-- Opening Marker --

(* Induction on D, summing out a sink of D at each step. *)
Lemma sum_mul_factors_marginal (D : {set 'I_n}) (H : A -> R) :
  depends_on (~: D) H ->
  (\prod_(i in D) #|V i|)%:R * (\sum_v H v * \prod_(i in D) factor i v) =
  \sum_v H v.
Proof.
elim: {D}_.+1 {-2}D (ltnSn #|D|) H => // m IHm D ltDm H dH.
have [-> | /(acyclic_sink acyclicE)[i iD isink]] := eqVneq D set0.
  by rewrite big_set0 mul1r; apply: eq_bigr => v _; rewrite big_set0 mulr1.
have dH' : depends_on (~: (D :\ i)) H.
  move=> v w vw; apply: dH => j; rewrite !inE => jD.
  by apply: vw; rewrite !inE (negbTE jD) andbF.
have ltD'm : (#|D :\ i| < m)%N by move: ltDm; rewrite (cardsD1 i D) iD.
rewrite (big_setD1 i iD) natrM mulrAC mulrC -[RHS](IHm _ ltD'm H dH').
congr (_ * _).
under eq_bigr => v _ do rewrite (big_setD1 i iD) /= mulrCA mulrC.
apply: sum_mul_marginal => [v | v w vw].
  rewrite -(cpt_sum1 i v); apply: eq_bigr => x _.
  rewrite /factor upd_same; apply: cpt_local => j ji; rewrite upd_other //.
  by apply: contraTneq ji => ->; rewrite (negbTE (acyclic_irrefl acyclicE j)).
congr (_ * _).
  apply: dH => j; rewrite inE => jD; apply: vw.
  by rewrite !inE; apply: contraNneq jD => ->.
apply: eq_bigr => j; rewrite !inE => /andP[ji jD]; apply: factor_family => l.
rewrite in_family_of => /orP[/eqP -> | lj]; apply: vw; rewrite !inE //.
by apply: contraTneq lj => ->; rewrite (negbTE (isink j jD)).
Qed.

Lemma sum_mul_factors_ancestral (S : {set 'I_n}) (H : A -> R) :
  (forall i j, E j i -> i \in S -> j \in S) -> depends_on S H ->
  (\prod_(i in ~: S) #|V i|)%:R * (\sum_v H v * \prod_i factor i v) =
  \sum_v H v * \prod_(i in S) factor i v.
Proof.
move=> Sclosed dH.
rewrite -(@sum_mul_factors_marginal (~: S)
           (fun v => H v * \prod_(i in S) factor i v)).
  congr (_ * _); apply: eq_bigr => v _; rewrite -mulrA; congr (_ * _).
  rewrite (bigID (mem S)) /=; congr (_ * _).
  by apply: eq_bigl => i; rewrite inE.
move=> v w vw; rewrite setCK in vw; congr (_ * _); first exact: dH.
apply: eq_bigr => i iS; apply: factor_family => j.
rewrite in_family_of => /orP[/eqP -> | ji]; apply: vw => //.
exact: Sclosed ji iS.
Qed.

-- Closing Marker --

Task item: Begin with the line above that has "Lemma sum_mul_factors_marginal (D" and continue through the line that has "apply: eq_bigr => i", setting each one down exactly. Stop there.

Answer to this exercise:
Lemma sum_mul_factors_marginal (D : {set 'I_n}) (H : A -> R) :
  depends_on (~: D) H ->
  (\prod_(i in D) #|V i|)%:R * (\sum_v H v * \prod_(i in D) factor i v) =
  \sum_v H v.
Proof.
elim: {D}_.+1 {-2}D (ltnSn #|D|) H => // m IHm D ltDm H dH.
have [-> | /(acyclic_sink acyclicE)[i iD isink]] := eqVneq D set0.
  by rewrite big_set0 mul1r; apply: eq_bigr => v _; rewrite big_set0 mulr1.
have dH' : depends_on (~: (D :\ i)) H.
  move=> v w vw; apply: dH => j; rewrite !inE => jD.
  by apply: vw; rewrite !inE (negbTE jD) andbF.
have ltD'm : (#|D :\ i| < m)%N by move: ltDm; rewrite (cardsD1 i D) iD.
rewrite (big_setD1 i iD) natrM mulrAC mulrC -[RHS](IHm _ ltD'm H dH').
congr (_ * _).
under eq_bigr => v _ do rewrite (big_setD1 i iD) /= mulrCA mulrC.
apply: sum_mul_marginal => [v | v w vw].
  rewrite -(cpt_sum1 i v); apply: eq_bigr => x _.
  rewrite /factor upd_same; apply: cpt_local => j ji; rewrite upd_other //.
  by apply: contraTneq ji => ->; rewrite (negbTE (acyclic_irrefl acyclicE j)).
congr (_ * _).
  apply: dH => j; rewrite inE => jD; apply: vw.
  by rewrite !inE; apply: contraNneq jD => ->.
apply: eq_bigr => j; rewrite !inE => /andP[ji jD]; apply: factor_family => l.
rewrite in_family_of => /orP[/eqP -> | lj]; apply: vw; rewrite !inE //.
by apply: contraTneq lj => ->; rewrite (negbTE (isink j jD)).
Qed.

Lemma sum_mul_factors_ancestral (S : {set 'I_n}) (H : A -> R) :
  (forall i j, E j i -> i \in S -> j \in S) -> depends_on S H ->
  (\prod_(i in ~: S) #|V i|)%:R * (\sum_v H v * \prod_i factor i v) =
  \sum_v H v * \prod_(i in S) factor i v.
Proof.
move=> Sclosed dH.
rewrite -(@sum_mul_factors_marginal (~: S)
           (fun v => H v * \prod_(i in S) factor i v)).
  congr (_ * _); apply: eq_bigr => v _; rewrite -mulrA; congr (_ * _).
  rewrite (bigID (mem S)) /=; congr (_ * _).
  by apply: eq_bigl => i; rewrite inE.
move=> v w vw; rewrite setCK in vw; congr (_ * _); first exact: dH.
apply: eq_bigr => i iS; apply: factor_family => j.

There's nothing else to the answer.